High Plains Natural Gas Company v. Warren Petroleum Company, a Division of Gulf Oil Corporation

875 F.2d 284, 103 Oil & Gas Rep. 540, 8 U.C.C. Rep. Serv. 2d (West) 1015, 1989 U.S. App. LEXIS 6733, 1989 WL 51345
CourtCourt of Appeals for the Tenth Circuit
DecidedMay 19, 1989
Docket87-2466
StatusPublished
Cited by22 cases

This text of 875 F.2d 284 (High Plains Natural Gas Company v. Warren Petroleum Company, a Division of Gulf Oil Corporation) is published on Counsel Stack Legal Research, covering Court of Appeals for the Tenth Circuit primary law. Counsel Stack provides free access to over 12 million legal documents including statutes, case law, regulations, and constitutions.

Bluebook
High Plains Natural Gas Company v. Warren Petroleum Company, a Division of Gulf Oil Corporation, 875 F.2d 284, 103 Oil & Gas Rep. 540, 8 U.C.C. Rep.
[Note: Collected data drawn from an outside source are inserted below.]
(* Fix $n\ge1$. The set $\mathcal S_n=\{H\in\mathcal H: X_n(H)=0,\ H^{(n)}=z^n\}$ coincides with the set of $H\in\mathcal H$ satisfying $H^{(n)}=z^n$ and $$H^{(j+n)}=z^nH^{(j)}-\sum_{l=1}^{n}H^j_lH^{(n-l)}\qquad\text{for all }j\ge0.$$ In particular, the map $H\mapsto(H^{(1)},\dots,H^{(n-1)})$ is a bijection from $\mathcal S_n$ onto the set of $(n-1)$-tuples of Laurent series of the form $H^{(a)}=z^a+\sum_{l\ge1}H^a_lz^{-l}$ (with arbitrary coefficients).
   Context: Let $z$ be a formal variable and $\mathcal L$ the space of formal Laurent series $\sum_{j\le N} l_j z^j$ (finitely many positive powers of $z$). Let $\mathcal H$ be the set of sequences $H=(H^{(k)})_{k\ge0}$ of elements of $\mathcal L$ with $H^{(0)}=1$ and, for $k\ge1$, $H^{(k)}=z^k+\sum_{l\ge1}H^k_l z^{-l}$; the coefficients $H^k_l$ are coordinates on $\mathcal H$, and we set $H^0_l=0$. The central system (CS) is the family of vector fields $X_j$, $j\ge1$, on $\mathcal H$, with associated times $t_j$, defined by $$\frac{\partial H^{(k)}}{\partial t_j}=H^{(j+k)}-H^{(j)}H^{(k)}+\sum_{l=1}^{k}H^j_lH^{(k-l)}+\sum_{l=1}^{j}H^k_lH^{(j-l)},\qquad k\ge0;$$ the right-hand side contains only negative powers of $z$, so this determines the components $X_j(H^k_l)$. *)

From HB Require Import structures.
From mathcomp Require Import all_boot all_order all_algebra.
From mathcomp Require Import zify.
Set Implicit Arguments. Unset Strict Implicit. Unset Printing Implicit Defensive.
Import Order.TTheory GRing.Theory Num.Theory.
Local Open Scope ring_scope.

Section Laurent.
Variable R : comNzRingType.

(* A formal Laurent series  sum_{j <= N} l_j z^j  : coefficient function on
   the integers together with a bound N above which all coefficients vanish. *)
Record laurent := Laurent {
  lcoef : int -> R;
  lbound : int;
  lboundP : forall m : int, lbound < m -> lcoef m = 0 }.

Definition leq_ser (f g : laurent) : Prop := forall m, lcoef f m = lcoef g m.

Definition lzero : laurent.
Proof. by refine (@Laurent (fun _ => 0) 0 _). Defined.

Definition lmonom (k : int) : laurent.
Proof.
refine (@Laurent (fun m => (m == k)%:R) k _).
by move=> m hm; rewrite gt_eqF.
Defined.

Definition ladd (f g : laurent) : laurent.
Proof.
refine (@Laurent (fun m => lcoef f m + lcoef g m)
          (Num.max (lbound f) (lbound g)) _).
move=> m; rewrite gt_max => /andP[hf hg].
by rewrite !lboundP // addr0.
Defined.

Definition lscale (c : R) (f : laurent) : laurent.
Proof.
refine (@Laurent (fun m => c * lcoef f m) (lbound f) _).
by move=> m hm; rewrite lboundP // mulr0.
Defined.

Definition lsub (f g : laurent) : laurent := ladd f (lscale (-1) g).

(* Cauchy product: (fg)_m = sum_{i = m - Ng}^{Nf} f_i g_(m-i), a finite sum *)
Definition lmul_coef (f g : laurent) (m : int) : R :=
  let d := lbound f + lbound g - m in
  if (0 <= d) then
    \sum_(t < (absz d).+1) lcoef f (m - lbound g + t%:Z) * lcoef g (lbound g - t%:Z)
  else 0.

Definition lmul (f g : laurent) : laurent.
Proof.
refine (@Laurent (lmul_coef f g) (lbound f + lbound g) _).
move=> m hm; rewrite /lmul_coef ifF //.
apply/negbTE; rewrite -ltNge; lia.
Defined.

Definition lsum (s : seq laurent) : laurent := foldr ladd lzero s.

(* ---------- the space H ----------
   A point H of H is given by its coordinates h k l = H^k_l (k >= 1, l >= 1);
   the values h 0 _ and h _ 0 are not coordinates and are never used. *)

Definition Hc (h : nat -> nat -> R) (k l : nat) : R :=
  if k == 0%N then 0 else h k l.

(* the Laurent series H^(k): H^(0) = 1, H^(k) = z^k + sum_{l>=1} H^k_l z^{-l} *)
Definition Hser (h : nat -> nat -> R) (k : nat) : laurent.
Proof.
refine (@Laurent (fun m : int =>
   if k == 0%N then (m == 0)%:R
   else if m == k%:Z then 1
   else if m < 0 then h k (absz m) else 0) k%:Z _).
move=> m hm; case: ifP => [/eqP k0|k0].
  by subst k; rewrite gt_eqF.
rewrite gt_eqF // ifF //; apply/negbTE; rewrite -leNgt; lia.
Defined.

Definition CSrhs (h : nat -> nat -> R) (j k : nat) : laurent :=
  ladd (ladd (lsub (Hser h (j + k)) (lmul (Hser h j) (Hser h k)))
             (lsum [seq lscale (Hc h j l) (Hser h (k - l)) | l <- iota 1 k]))
       (lsum [seq lscale (Hc h k l) (Hser h (j - l)) | l <- iota 1 j]).

(* the component X_j(H^k_l) of the vector field X_j at H: the coefficient of
   z^{-l} in dH^(k)/dt_j *)
Definition Xcomp (h : nat -> nat -> R) (j k l : nat) : R :=
  lcoef (CSrhs h j k) (- (l%:Z)).

Definition X_zero (h : nat -> nat -> R) (j : nat) : Prop :=
  forall k l : nat, (1 <= k)%N -> (1 <= l)%N -> Xcomp h j k l = 0.

Definition in_Sn (n : nat) (h : nat -> nat -> R) : Prop :=
  X_zero h n /\ leq_ser (Hser h n) (lmonom n%:Z).

Definition in_rec (n : nat) (h : nat -> nat -> R) : Prop :=
  leq_ser (Hser h n) (lmonom n%:Z) /\
  forall j : nat,
    leq_ser (Hser h (j + n))
      (lsub (lmul (lmonom n%:Z) (Hser h j))
            (lsum [seq lscale (Hc h j l) (Hser h (n - l)) | l <- iota 1 n])).

Definition H_eq (h h' : nat -> nat -> R) : Prop :=
  forall k : nat, leq_ser (Hser h k) (Hser h' k).

End Laurent.

(** If H^(n) = z^n then every H^n_l vanishes and H^(n) H^(k) = z^n H^(k), so the
    coefficient of z^(-l) in X_n(H^(k)) is the difference between H^(k+n) and the
    right-hand side of the recursion.  The nonnegative parts of both sides are
    z^(k+n) anyway, hence X_n(H) = 0 is exactly the recursion.  The recursion
    computes H^(j+n) from H^(j) and H^(0), ..., H^(n-1), so H is determined by
    H^(1), ..., H^(n-1) (strong induction on k), and conversely any choice of these
    extends to a solution by defining the rows H^(k), k > n, recursively. *)

From mathcomp Require Import all_boot all_order all_algebra zify ring.
Set Implicit Arguments. Unset Strict Implicit. Unset Printing Implicit Defensive.
Import Order.TTheory GRing.Theory Num.Theory.
Local Open Scope ring_scope.

Section LaurentCoefficients.
Variable R : comNzRingType.
Implicit Types f g : laurent R.

Lemma lcoef_ladd f g m : lcoef (ladd f g) m = lcoef f m + lcoef g m.
Proof. by []. Qed.

Lemma lcoef_lscale c f m : lcoef (lscale c f) m = c * lcoef f m.
Proof. by []. Qed.

Lemma lcoef_lsub f g m : lcoef (lsub f g) m = lcoef f m - lcoef g m.
Proof. by rewrite lcoef_ladd lcoef_lscale mulN1r. Qed.

Lemma lcoef_lsum (I : Type) (F : I -> laurent R) s m :
  lcoef (lsum [seq F i | i <- s]) m = \sum_(i <- s) lcoef (F i) m.
Proof. by elim: s => [|i s IHs]; rewrite ?big_nil ?big_cons //= -IHs. Qed.

Lemma lcoef_lmonom k m : lcoef (lmonom R k) m = (m == k)%:R.
Proof. by []. Qed.

Lemma lcoef_lmul_eql f f' g m :
  lbound f = lbound f' -> lcoef f =1 lcoef f' ->
  lcoef (lmul f g) m = lcoef (lmul f' g) m.
Proof.
move=> eq_bound eq_coef; rewrite /= /lmul_coef eq_bound; case: ifP => // _.
by apply: eq_bigr => t _; rewrite eq_coef.
Qed.

Lemma lcoef_lmul_monom a f m : lcoef (lmul (lmonom R a) f) m = lcoef f (m - a).
Proof.
rewrite /= /lmul_coef /=; set d := a + lbound f - m; case: ifP => [d_ge0|d_lt0].
  pose top := Ordinal (ltnSn (absz d)).
  rewrite (bigD1 top) //= big1 => [|t t_neq_top].
    have -> : m - lbound f + (absz d)%:Z = a by rewrite /d in d_ge0 *; lia.
    by rewrite eqxx mul1r addr0; congr (lcoef f _); rewrite /d in d_ge0 *; lia.
  have /negPf-> : m - lbound f + (nat_of_ord t)%:Z != a.
    apply/eqP => E; move/eqP: t_neq_top; apply; apply/val_inj => /=.
    by rewrite /d in d_ge0 E *; lia.
  by rewrite mul0r.
by rewrite lboundP //; move/negbT: d_lt0; rewrite -ltNge; lia.
Qed.

End LaurentCoefficients.

Section CentralSystem.
Variable R : comNzRingType.
Implicit Types h : nat -> nat -> R.

Lemma lcoef_Hser_nat h k p : lcoef (Hser h k) p%:Z = (p == k)%:R.
Proof.
rewrite /=; case: eqP => [->|_] //; rewrite eqz_nat.
by case: (p == k); rewrite // ltNge lez_nat.
Qed.

Lemma Hc_pos h k l : (0 < k)%N -> Hc h k l = h k l.
Proof. by move=> k_gt0; rewrite /Hc ifF //; apply/negbTE; lia. Qed.

Lemma lcoef_Hser_neg h k l :
  (0 < k)%N -> (0 < l)%N -> lcoef (Hser h k) (- l%:Z) = Hc h k l.
Proof.
move=> k_gt0 l_gt0; rewrite Hc_pos //=.
have /negPf-> : k != 0%N by lia.
have /negPf-> : - l%:Z != k%:Z by lia.
by rewrite ifT ?abszN //; lia.
Qed.

Definition rec_ser h (n j : nat) : laurent R :=
  lsub (lmul (lmonom R n%:Z) (Hser h j))
       (lsum [seq lscale (Hc h j l) (Hser h (n - l)) | l <- iota 1 n]).

Lemma lcoef_rec_ser h n j m :
  lcoef (rec_ser h n j) m = lcoef (Hser h j) (m - n%:Z)
    - \sum_(l <- iota 1 n) Hc h j l * lcoef (Hser h (n - l)) m.
Proof. by rewrite lcoef_lsub lcoef_lmul_monom lcoef_lsum. Qed.

Lemma lcoef_rec_ser_nat h n j p :
  (0 < j)%N -> lcoef (rec_ser h n j) p%:Z = (p == j + n)%:R.
Proof.
move=> j_gt0; rewrite lcoef_rec_ser.
under eq_bigr do rewrite lcoef_Hser_nat.
case: (leqP n p) => [n_le_p|p_lt_n].
  rewrite big1_seq => [|l]; last first.
    rewrite mem_iota => /andP[_ l_range].
    have /negPf-> : p != (n - l)%N by lia.
    by rewrite mulr0.
  have -> : p%:Z - n%:Z = (p - n)%N%:Z by lia.
  by rewrite lcoef_Hser_nat subr0; congr (_%:R); apply/eqP/eqP; lia.
(* only the term l = n - p of the sum survives, and it cancels the coefficient of z^(p-n) *)
have np_in : (n - p)%N \in iota 1 n by rewrite mem_iota; lia.
have -> : p%:Z - n%:Z = - (n - p)%N%:Z by lia.
rewrite lcoef_Hser_neg //; last by lia.
rewrite (bigD1_seq _ np_in (iota_uniq _ _)) /= big1_seq => [|l]; last first.
  rewrite mem_iota => /andP[l_neq l_range].
  have /negPf-> : p != (n - l)%N by move: l_neq; rewrite eqE /=; lia.
  by rewrite mulr0.
have -> : (p == n - (n - p))%N by apply/eqP; lia.
have /negPf-> : p != (j + n)%N by lia.
by rewrite mulr1 addr0 subrr.
Qed.

Section CenteredFlow.
Variables (h : nat -> nat -> R) (n : nat).
Hypotheses (n_gt0 : (0 < n)%N) (Hn_monom : leq_ser (Hser h n) (lmonom R n%:Z)).

Lemma Hc_center l : (0 < l)%N -> Hc h n l = 0.
Proof.
move=> l_gt0; rewrite -lcoef_Hser_neg // Hn_monom lcoef_lmonom.
by have /negPf-> : - l%:Z != n%:Z by lia.
Qed.

(* Since H^(n) = z^n, the product H^(n) H^(k) is a shift and the sum over H^n_l vanishes. *)
Lemma lcoef_CSrhs_center k m :
  lcoef (CSrhs h n k) m = lcoef (Hser h (k + n)) m - lcoef (rec_ser h n k) m.
Proof.
rewrite 2!lcoef_ladd lcoef_lsub !lcoef_lsum.
rewrite (@lcoef_lmul_eql _ _ (lmonom R n%:Z)) // big1_seq => [|l]; last first.
  by rewrite mem_iota => /andP[_ /andP[l_gt0 _]]; rewrite lcoef_lscale Hc_center ?mul0r.
rewrite lcoef_rec_ser lcoef_lmul_monom addnC.
under eq_bigr do rewrite lcoef_lscale.
by ring.
Qed.

Lemma rec_ser0 : leq_ser (Hser h (0 + n)) (rec_ser h n 0).
Proof.
move=> m; rewrite add0n Hn_monom lcoef_lmonom lcoef_rec_ser big1 => [|l _]; last first.
  by rewrite /Hc mul0r.
by rewrite subr0 /= subr_eq0.
Qed.

Lemma rec_ser_eqP k : (0 < k)%N ->
  leq_ser (Hser h (k + n)) (rec_ser h n k) <->
  (forall l, (0 < l)%N -> Xcomp h n k l = 0).
Proof.
move=> k_gt0; split=> [eq_ser l _|Xn_zero [p|p]].
- by rewrite /Xcomp lcoef_CSrhs_center eq_ser subrr.
- by rewrite lcoef_Hser_nat lcoef_rec_ser_nat.
- by rewrite NegzE; apply: subr0_eq; rewrite -lcoef_CSrhs_center; exact: Xn_zero.
Qed.

End CenteredFlow.

Lemma in_Sn_recP h n : (0 < n)%N -> in_Sn n h <-> in_rec n h.
Proof.
move=> n_gt0; split=> [[Xn_zero Hn_monom]|[Hn_monom Hrec]]; split=> //.
  case=> [|j]; first exact: rec_ser0.
  by apply/(rec_ser_eqP n_gt0 Hn_monom) => // l; exact: Xn_zero.
move=> k l k_gt0; move: l; apply/(rec_ser_eqP n_gt0 Hn_monom k_gt0).
exact: Hrec.
Qed.

Lemma in_rec_uniq h h' n : (0 < n)%N -> in_rec n h -> in_rec n h' ->
  (forall a, (0 < a < n)%N -> leq_ser (Hser h a) (Hser h' a)) -> H_eq h h'.
Proof.
move=> n_gt0 [Hn Hrec] [Hn' Hrec'] eq_init k.
elim/ltn_ind: k => k IHk m.
case: (posnP k) => [->|k_gt0] //.
case: (ltngtP k n) => [k_lt_n|n_lt_k|->]; last by rewrite Hn Hn'.
  by apply: eq_init; rewrite k_gt0.
have kn_gt0 : (0 < k - n)%N by lia.
have kn_lt_k : (k - n < k)%N by lia.
have -> : k = ((k - n) + n)%N by lia.
rewrite Hrec Hrec' !lcoef_rec_ser (IHk (k - n)%N) //.
congr (_ - _); apply: eq_big_seq => l; rewrite mem_iota => /andP[l_gt0 l_le_n].
by rewrite -!lcoef_Hser_neg // (IHk (k - n)%N) // (IHk (n - l)%N) //; lia.
Qed.

Section Extension.
Variables (n : nat) (c : nat -> nat -> R).
Hypothesis n_gt0 : (0 < n)%N.

Definition initial_row (k : nat) : nat -> R := if k == n then (fun=> 0) else c k.

(* The coefficients of z^(-l) in the recursion for H^(j+n), given the coefficients r
   of H^(j); the H^(n-l') involved are initial rows, hence read off c. *)
Definition next_row (j : nat) (r : nat -> R) (l : nat) : R :=
  lcoef (Hser (fun=> r) j) (- l%:Z - n%:Z)
  - \sum_(l' <- iota 1 n) Hc (fun=> r) j l' * lcoef (Hser c (n - l')) (- l%:Z).

Fixpoint ext_fuel (fuel k : nat) : nat -> R :=
  if fuel is fuel'.+1 then
    if (k <= n)%N then initial_row k else next_row (k - n) (ext_fuel fuel' (k - n))
  else initial_row k.

Definition ext (k : nat) : nat -> R := ext_fuel k k.

Lemma ext_fuel_enough fuel fuel' k : (k <= fuel)%N -> (k <= fuel')%N ->
  ext_fuel fuel k = ext_fuel fuel' k.
Proof.
elim: fuel fuel' k => [|fuel IH] [|fuel'] k /= k_le k_le'; try by have -> : k = 0%N by lia.
by case: ifP => // k_gt_n; congr next_row; apply: IH; lia.
Qed.

Lemma ext_small k : (k <= n)%N -> ext k = initial_row k.
Proof. by case: k => [|k] // k_le_n; rewrite /ext /= k_le_n. Qed.

Lemma ext_large k : (n < k)%N -> ext k = next_row (k - n) (ext (k - n)).
Proof.
case: k => [|k] // n_lt_k; rewrite /ext /= ifF; last by apply/negbTE; lia.
by rewrite (@ext_fuel_enough _ (k.+1 - n)) //; lia.
Qed.

Lemma lcoef_Hser_ext a m : (a < n)%N -> lcoef (Hser ext a) m = lcoef (Hser c a) m.
Proof.
by move=> a_lt_n; rewrite /= ext_small ?(ltnW a_lt_n) // /initial_row (ltn_eqF a_lt_n).
Qed.

Lemma ext_Hn : leq_ser (Hser ext n) (lmonom R n%:Z).
Proof.
move=> m; rewrite /= ext_small // /initial_row eqxx ifF; last by apply/negbTE; lia.
by case: (m == n%:Z); case: (m < 0).
Qed.

Lemma ext_rec : in_rec n ext.
Proof.
split=> [|[|j]]; [exact: ext_Hn | exact: rec_ser0 ext_Hn | case=> p].
  by rewrite lcoef_Hser_nat lcoef_rec_ser_nat.
rewrite NegzE lcoef_Hser_neg // Hc_pos // ext_large; last by lia.
rewrite addnK /next_row lcoef_rec_ser; congr (_ - _).
apply: eq_big_seq => l; rewrite mem_iota => /andP[l_gt0 l_le_n].
by rewrite lcoef_Hser_ext //; lia.
Qed.

Lemma ext_init a l : (0 < a < n)%N -> ext a l = c a l.
Proof.
by move=> /andP[_ a_lt_n]; rewrite ext_small ?(ltnW a_lt_n) // /initial_row (ltn_eqF a_lt_n).
Qed.

End Extension.

End CentralSystem.

Theorem mainTheorem6 (R : comNzRingType) (n : nat) (hn : (1 <= n)%N) :
  (forall h : nat -> nat -> R, in_Sn n h <-> in_rec n h) /\
  (forall h h' : nat -> nat -> R, in_Sn n h -> in_Sn n h' ->
     (forall a : nat, (1 <= a)%N -> (a <= n - 1)%N -> leq_ser (Hser h a) (Hser h' a)) ->
     H_eq h h') /\
  (forall c : nat -> nat -> R, exists h : nat -> nat -> R,
     in_Sn n h /\
     forall a l : nat, (1 <= a)%N -> (a <= n - 1)%N -> (1 <= l)%N -> h a l = c a l).
Proof.
split; first by move=> h; exact: in_Sn_recP.
split=> [h h' /(in_Sn_recP _ hn) Hrec /(in_Sn_recP _ hn) Hrec' eq_init|c].
  by apply: in_rec_uniq Hrec Hrec' _ => // a /andP[a_gt0 a_lt_n]; apply: eq_init; lia.
exists (ext n c); split; first by apply/in_Sn_recP => //; exact: ext_rec.
by move=> a l a_gt0 a_lt_n _; apply: ext_init; lia.
Qed.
Serv. 2d (West) 1015, 1989 U.S. App. LEXIS 6733, 1989 WL 51345 (10th Cir. 1989).

Opinion

BRORBY, Circuit Judge.

High Plains Natural Gas Company (High Plains), the buyer, filed suit for damages against Warren Petroleum Company (Warren), the seller, alleging Warren’s failure to deliver marketable natural gas breached implied warranties of merchantability and fitness for a particular purpose and violated the Texas Deceptive Trade Practices Act (DTPA). Warren moved for summary judgment asserting the remedies sought by High Plains could not be awarded as a matter of law because the contract limits the remedies for breach of contract to rejection of the natural gas or termination of the contract. The trial court granted summary judgment in favor of Warren holding the contract’s limitation of remedies provision precluded relief. High Plains appeals the order granting summary judgment. We agree with the trial court’s disposition and AFFIRM.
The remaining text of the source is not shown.